NES provides a structured and comprehensive platform with robust tracking of data provenance that is fundamental to enable the reproduction of the experiment. It was developed to keep together experimental data and information on its provenance, defined by the seven W's (Who, What, Where, Why, When, Which, (W) how). Examples of provenance information maintained by NES are: information about the scientists responsible for the experiment and collection of data and the description of the subject groups (who); the details about the recording protocol or behavioral data collection (e.g., the types of data collection performed) (what); the details of the experimental protocol used in the collection of primary data (how); the start/end date-time for data collection (when); the purpose of the experiment (why); the information about the experimental conditions to which the groups of subjects are submitted, such as tasks performed and stimuli applied (which); the information about the laboratory where data was collected (where) and even publications or other results that have arisen from the study of the collected data. Scientists can also record additional details for each participant in the experiment, such as information about his/her clinical history and social-demographic data.
It is worth mentioning that NES is not a new way to standardize the representation of experimental data. There are several models and formats (e.g., NeoHDF5 Garcia et al., 2014, NWB Teeters et al., 2015, and NIX Stoewer et al., 2014) currently in development to address this issue. These models are appropriate for organizing and exchanging data of a particular type and from a particular experiment. However, they do not replace the function of a database system, as provided by NES.
A database system keeps large data volumes and provides functionalities for access control, data consistency, fault tolerance and efficient data recovery. Furthermore, in a database it is possible to store the relationships between different types of data from different experiments, allowing for more sophisticated data analysis which are especially valuable to support research in multidisciplinary domains.

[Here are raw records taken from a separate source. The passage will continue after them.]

Lemma ge0_mul_integral_eq (h : TsZ -> R) F G :
  measurable_fun setT h -> (forall x, 0 <= h x) ->
  measurable_fun setT F -> measurable_fun setT G ->
  (forall x, 0 <= F x) -> (forall x, 0 <= G x) -> same_integrals_on_sigma F G ->
  (\int[P]_x (h x * F x)%:E = \int[P]_x (h x * G x)%:E)%E.
Proof.
move=> mh h_ge0 mF mG F_ge0 G_ge0 FG.
have mEh : measurable_fun (setT : set TsZ) (EFin \o h) by exact/measurable_EFinP.
pose hn := nnsfun_approx measurableT mEh.
have approxE F' : measurable_fun setT F' -> (forall x, 0 <= F' x) ->
    (\int[P]_x (h x * F' x)%:E = limn (fun n => \int[P]_x (hn n x * F' x)%:E))%E.
  move=> mF' F'_ge0.
  transitivity (\int[P]_x limn (fun n => (hn n x * F' x)%:E))%E.
    apply: eq_integral => x _; apply/esym/cvg_lim => //.
    under eq_fun do rewrite EFinM.
    rewrite EFinM; apply: cvgeZr => //.
    by apply: cvg_nnsfun_approx => // y _; rewrite lee_fin.
  apply: monotone_convergence => //.
  - move=> n; apply/measurable_EFinP; apply: measurable_funM => //.
    by apply: sub_measurable_fun; exact: measurable_funP.
  - by move=> n x _; rewrite lee_fin; apply: mulr_ge0 => //; exact: fun_ge0.
  - move=> x _ m n mn; rewrite lee_fin; apply: ler_wpM2r => //.
    by have := nd_nnsfun_approx (@measurableT _ TsZ) mEh mn => /lefP; apply.
rewrite approxE // approxE //; congr (limn _); apply/funext => n.
exact: nnsfun_mul_integral_eq.
Qed.

Lemma ge0_mul_Rintegral_eq (h : TsZ -> R) F G :
  measurable_fun setT h -> (forall x, 0 <= h x) ->
  P.-integrable setT (EFin \o F) -> P.-integrable setT (EFin \o G) ->
  same_integrals_on_sigma F G ->
  P.-integrable setT (EFin \o (h \* F)) -> P.-integrable setT (EFin \o (h \* G)) ->
  Rintegral P setT (h \* F) = Rintegral P setT (h \* G).
Proof.
move=> mh h_ge0 iF iG FG ihF ihG.
have mF : measurable_fun setT F by apply/measurable_EFinP; exact: measurable_int iF.
have mG : measurable_fun setT G by apply/measurable_EFinP; exact: measurable_int iG.
pose s x := `|F x| + `|G x|.
have ms : measurable_fun setT s by apply: measurable_funD; exact: measurableT_comp.
have iS : P.-integrable setT (EFin \o s).
  by apply: integrableD_EFin; exact: integrable_norm.
have ihs : P.-integrable setT (EFin \o (h \* s)).
  apply: (@integrable_le_norm _ _ _ P (h \* s) (fun x => `|h x * F x| + `|h x * G x|)).
  - by apply: measurable_funM => //; exact: sub_measurable_fun.
  - move=> x; rewrite /= [leRHS]ger0_norm ?addr_ge0 // !normrM (ger0_norm (h_ge0 x)).
    by rewrite [`|_ + _|]ger0_norm ?addr_ge0 // mulrDr.
  - by apply: integrableD_EFin; exact: integrable_norm.
have Fs_ge0 x : 0 <= F x + s x.
  by have := ler_norm (- F x); have := normr_ge0 (G x); rewrite normrN /s; lra.
have Gs_ge0 x : 0 <= G x + s x.
  by have := ler_norm (- G x); have := normr_ge0 (F x); rewrite normrN /s; lra.
have FGs : same_integrals_on_sigma (F \+ s) (G \+ s).
  move=> A mA; have mAT := sub_measurable mA.
  have iA k : P.-integrable setT (EFin \o k) -> P.-integrable (A : set T) (EFin \o k).
    by apply: integrableS.
  by rewrite !integralD_EFin ?FG //; apply: iA => //; exact: integrable_norm.
have : Rintegral P setT (h \* F \+ h \* s) = Rintegral P setT (h \* G \+ h \* s).
  rewrite /Rintegral; congr fine.
  under eq_integral do rewrite /= -mulrDr.
  under [RHS]eq_integral do rewrite /= -mulrDr.
  by apply: ge0_mul_integral_eq => //; apply: measurable_funD.
by rewrite !RintegralD // => /addIr.
Qed.

Lemma mul_Rintegral_eq (h : TsZ -> R) F G : measurable_fun setT h ->
  P.-integrable setT (EFin \o F) -> P.-integrable setT (EFin \o G) ->
  same_integrals_on_sigma F G ->
  P.-integrable setT (EFin \o (h \* F)) -> P.-integrable setT (EFin \o (h \* G)) ->
  Rintegral P setT (h \* F) = Rintegral P setT (h \* G).
Proof.
move=> mh iF iG FG ihF ihG.
have mF : measurable_fun setT F by apply/measurable_EFinP; exact: measurable_int iF.
have mG : measurable_fun setT G by apply/measurable_EFinP; exact: measurable_int iG.
pose h' x := `|h x|.
have mh' : measurable_fun setT h' by exact: measurableT_comp.
have h'_integrable F' : measurable_fun setT F' -> P.-integrable setT (EFin \o (h \* F')) ->
    P.-integrable setT (EFin \o (h' \* F')).
  move=> mF' ihF'; apply: integrable_le_norm ihF'.
    by apply: measurable_funM => //; exact: sub_measurable_fun.
  by move=> x; rewrite /= !normrM normr_id.
have hh'_integrable F' : measurable_fun setT F' -> P.-integrable setT (EFin \o (h \* F')) ->
    P.-integrable setT (EFin \o ((h \+ h') \* F')).
  move=> mF' ihF'; have := integrableD_EFin ihF' (h'_integrable F' mF' ihF').
  by apply: eq_integrable => // x _ /=; rewrite mulrDl.
have hh'_ge0 x : 0 <= h x + h' x by have := ler_norm (- h x); rewrite normrN /h' /=; lra.
have splitE F' : measurable_fun setT F' -> P.-integrable setT (EFin \o (h \* F')) ->
    Rintegral P setT (h \* F') =
    Rintegral P setT ((h \+ h') \* F') - Rintegral P setT (h' \* F').
  move=> mF' ihF'; rewrite -RintegralB //; last exact: h'_integrable.
    by apply: eq_Rintegral => x _ /=; ring.
  exact: hh'_integrable.
rewrite splitE // (splitE G) // !(@ge0_mul_Rintegral_eq _ F G) //.
- by move=> x; exact: normr_ge0.
- exact: h'_integrable.
- exact: h'_integrable.
- exact: measurable_funD.
- exact: hh'_integrable.
- exact: hh'_integrable.
Qed.

Lemma cond_exp_sigma Y W : is_cond_exp P Z Y W ->
  [/\ measurable_fun (setT : set TsZ) W, P.-integrable setT (EFin \o W)
    & same_integrals_on_sigma W Y].
Proof.
case=> sW iW WY; split => //.
  move=> _ B mB; have [C [mC E]] := sW B mB.
  by exists C => //; rewrite E.
by move=> A [B mB <-]; rewrite setTI; exact: WY.
Qed.

Section cond_exp.
Variables Y W : T -> R.
Hypotheses (Y2 : square_integrable P Y) (mW : measurable_fun (setT : set TsZ) W)
  (iW : P.-integrable setT (EFin \o W)) (WY : same_integrals_on_sigma W Y).

Lemma Rintegral_sqr_clip_cond_exp_le (N : R) : 0 <= N ->
  Rintegral P setT (fun x => clip N (W x) ^+ 2) <= Rintegral P setT (fun x => Y x ^+ 2).
Proof.
(* [E c^2 <= E[c W] = E[c Y] <= (E c^2 + E Y^2) / 2] for the clipped [c] of [W]. *)
move=> N_ge0; pose c x := clip N (W x).
change (Rintegral P setT (fun x => c x ^+ 2) <= Rintegral P setT (fun x => Y x ^+ 2)).
have iY := square_integrable_integrable Y2.
have mc : measurable_fun (setT : set TsZ) c.
  exact: measurable_maxr (measurable_cst (- N)) (measurable_minr mW (measurable_cst N)).
have mcT := sub_measurable_fun mc.
have c_le x : `|c x| <= N by exact: norm_clip_le.
have c2 : square_integrable P c.
  split => //; apply: (integrable_le_norm (G := cst (N ^+ 2))).
  - exact: measurable_funX.
  - move=> x; rewrite /= !ger0_norm ?sqr_ge0 // -real_normK ?num_real //.
    by rewrite lerXn2r ?nnegrE.
  - exact: finite_measure_integrable_cst.
have icY := integrable_mul_square c2 Y2.
have icW : P.-integrable setT (EFin \o (c \* W)) by exact: integrable_bounded_mul c_le iW.
have cW_cY : Rintegral P setT (c \* W) = Rintegral P setT (c \* Y).
  exact: mul_Rintegral_eq.
have c2_le_cW : Rintegral P setT (fun x => c x ^+ 2) <= Rintegral P setT (c \* W).
  by apply: le_Rintegral => //; [exact: c2.2 | move=> x _; exact: clip_sqr_le_mul].
have cY_le : Rintegral P setT (c \* Y) <=
    Rintegral P setT (fun x => 2^-1 * (c x ^+ 2 + Y x ^+ 2)).
  apply: le_Rintegral => //.
    by apply: integrableZl_EFin; exact: integrableD_EFin c2.2 Y2.2.
  by move=> x _; have := sqr_ge0 (c x - Y x); rewrite /=; lra.
rewrite RintegralZl ?RintegralD // in cY_le; [lra | exact: c2.2 | exact: Y2.2 | ].
exact: integrableD_EFin c2.2 Y2.2.
Qed.

Lemma square_integrable_cond_exp : square_integrable P W.
Proof.
have mWT := sub_measurable_fun mW.
pose c2 n x := clip n%:R (W x) ^+ 2.
have mc2 n : measurable_fun setT (c2 n).
  apply: measurable_funX.
  exact: measurable_maxr (measurable_cst _) (measurable_minr mWT (measurable_cst _)).
have c2_nd x : nondecreasing_seq (fun n => (c2 n x)%:E).
  move=> m n mn; rewrite lee_fin /c2 !sqr_clip ?ler0n // le_min2 //.
  by rewrite lerXn2r ?nnegrE ?ler0n // ler_nat.
have c2_cvg x : (fun n => (c2 n x)%:E) @ \oo --> (W x ^+ 2)%:E.
  apply: cvg_near_cst; exists (Num.truncn `|W x|).+1 => // n /= le_n.
  rewrite /c2 sqr_clip ?ler0n // min_l // -real_normK ?num_real //.
  rewrite lerXn2r ?nnegrE ?ler0n //; apply/ltW/(lt_le_trans (truncnS_gt _)).
  by rewrite ler_nat.
have W2_le : (\int[P]_x (W x ^+ 2)%:E <= (Rintegral P setT (fun x => Y x ^+ 2))%:E)%E.
  rewrite (eq_integral (fun x => limn (fun n => (c2 n x)%:E))); last first.
    by move=> x _; apply/esym/cvg_lim.
  rewrite monotone_convergence //; last 2 first.
  - by move=> n; exact/measurable_EFinP.
  - by move=> n x _; rewrite lee_fin sqr_ge0.
  apply: lime_le.
    apply: ereal_nondecreasing_is_cvgn => m n mn; apply: ge0_le_integral => //.
    - by move=> x _; rewrite lee_fin sqr_ge0.
    - exact/measurable_EFinP.
    - exact/measurable_EFinP.
    - by move=> x _; exact: c2_nd.
  apply: nearW => n; have c2_int : P.-integrable setT (EFin \o c2 n).
    apply: (integrable_le_norm (G := cst (n%:R ^+ 2))) => //.
    - move=> x; rewrite /c2 /= !ger0_norm ?sqr_ge0 // -real_normK ?num_real //.
      by rewrite lerXn2r ?nnegrE ?ler0n // norm_clip_le.
    - exact: finite_measure_integrable_cst.
  rewrite -(fineK (integrable_fin_num _ c2_int)) // lee_fin.
  exact: Rintegral_sqr_clip_cond_exp_le.
split => //; apply/integrableP; split.
  by apply/measurable_EFinP; exact: measurable_funX.
rewrite (eq_integral (fun x => (W x ^+ 2)%:E)); last first.
  by move=> x _ /=; rewrite ger0_norm // sqr_ge0.
exact: le_lt_trans W2_le (ltry _).
Qed.

Lemma mean_cond_exp : mean P W = mean P Y.
Proof. by rewrite /mean /Rintegral (WY measurableT). Qed.

Lemma cond_exp_orthogonal (h : TsZ -> R) : measurable_fun setT h ->
  square_integrable P h -> inner P h (Y \- W) = 0.
Proof.
move=> mh h2; have W2 := square_integrable_cond_exp.
rewrite /inner; under eq_Rintegral do rewrite /= mulrBr.
rewrite RintegralB //; try exact: integrable_mul_square.
apply/eqP; rewrite subr_eq0; apply/eqP/esym.
apply: mul_Rintegral_eq => //; first exact: square_integrable_integrable.
all: exact: integrable_mul_square.
Qed.

End cond_exp.

Lemma var_cond_exp Y W : is_cond_exp P Z Y W ->
  var P W = inner P (W \- cst (mean P Y)) (W \- cst (mean P Y)).
Proof.
case/cond_exp_sigma => _ _ WY; rewrite /var (mean_cond_exp WY).
by apply: eq_Rintegral => x _; rewrite expr2.
Qed.

Lemma cov_cond_exp Y1 Y2 W1 W2 : square_integrable P Y1 -> square_integrable P Y2 ->
  is_cond_exp P Z Y1 W1 -> is_cond_exp P Z Y2 W2 ->
  cov P Y1 Y2 = inner P (W1 \- cst (mean P Y1)) (W2 \- cst (mean P Y2))
    + inner P (Y1 \- W1) (Y2 \- W2).
Proof.
move=> Y1_2 Y2_2 /cond_exp_sigma[mW1 iW1 W1Y1] /cond_exp_sigma[mW2 iW2 W2Y2].
have W1_2 := square_integrable_cond_exp Y1_2 mW1 iW1 W1Y1.
have W2_2 := square_integrable_cond_exp Y2_2 mW2 iW2 W2Y2.
pose a := W1 \- cst (mean P Y1); pose r := Y1 \- W1.
pose b := W2 \- cst (mean P Y2); pose s := Y2 \- W2.
have a2 : square_integrable P a := square_integrableB W1_2 (square_integrable_cst P _).
have b2 : square_integrable P b := square_integrableB W2_2 (square_integrable_cst P _).
have ma : measurable_fun (setT : set TsZ) a := measurable_funB mW1 (measurable_cst _).
have mb : measurable_fun (setT : set TsZ) b := measurable_funB mW2 (measurable_cst _).
rewrite /cov (@eq_Rintegral _ _ _ P setT
  (fun x => (1 * a x + 1 * r x) * (1 * b x + 1 * s x))); last first.
  by move=> x _; rewrite /a /b /r /s /=; ring.
rewrite -/(inner _ _ _) inner_combE //; try exact: square_integrableB.
rewrite (innerC P r b) (cond_exp_orthogonal Y1_2 mW1 iW1 W1Y1 mb b2).
by rewrite (cond_exp_orthogonal Y2_2 mW2 iW2 W2Y2 ma a2); ring.
Qed.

The NES Web interface and modular format provide an intuitive use of its data management functionalities and do not depend on any specific knowledge on informatics. NES was developed using open technologies and tools— such as the Django web framework and the PostgreSQL database management system—which can be easily installed and used in any research laboratory. Moreover, these tools make it capable of supporting a large number of simultaneous users and handling large amounts of data. All the structured data managed by NES is stored in PostgreSQL. This includes the participant records, the description of the experimental protocols, the equipment settings, the research organization data, among others. This kind of data is efficiently handled with PostgreSQL.
All the files uploaded by users in NES, e.g., the EEG and EMG recordings and other types of data collections, are stored in the file-server system to facilitate their manipulation. This approach also enables the use of a distributed file system, a network storage device, or a cloud file storage to have storage scalability in a transparent way for NES.
NES is being used to manage experimental data of studies conducted in the NeuroMat research center. In particular, it has been used to construct an open database with data from TBPI studies. This initiative may allow the identification of functional markers related to the patients clinical improvement and foster the development of new investigative tools to unveil its mechanisms. Moreover, it aims at reducing the distance between clinical and experimental practice and encourage data sharing and reuse.
4.1. Limitations and Future Directions
NES provides basic functionalities for the registration of medical records because these data are required in several kinds of neuroscience experiments. However, it is important to emphasize that NES is not an electronic data capture (EDC) nor an electronic medical record (EMR) system and was not designed for these purposes. NES is not able to register information of nonhuman subjects. But the Participant data model can be easily extended to accommodate this type of data. Examples of attributes that should be considered for nonhuman subjects are identification, age, species, sex, stock or strain, house, and genetic characterization.
NES has some simple features for data search and filtering. For instance, one can search for a given participant in a given study and perform basic filtering in the exportation module. Also, data filtering can be employed upon data transference to the NeuroMat Open Database (NeuroMat DB) portal. The portal supports data search using keywords via an Elasticsearch mechanism. To improve the tool with more advanced querying features, a new module for Data Searching and Visualization which will index all the data stored in the NES database is being designed.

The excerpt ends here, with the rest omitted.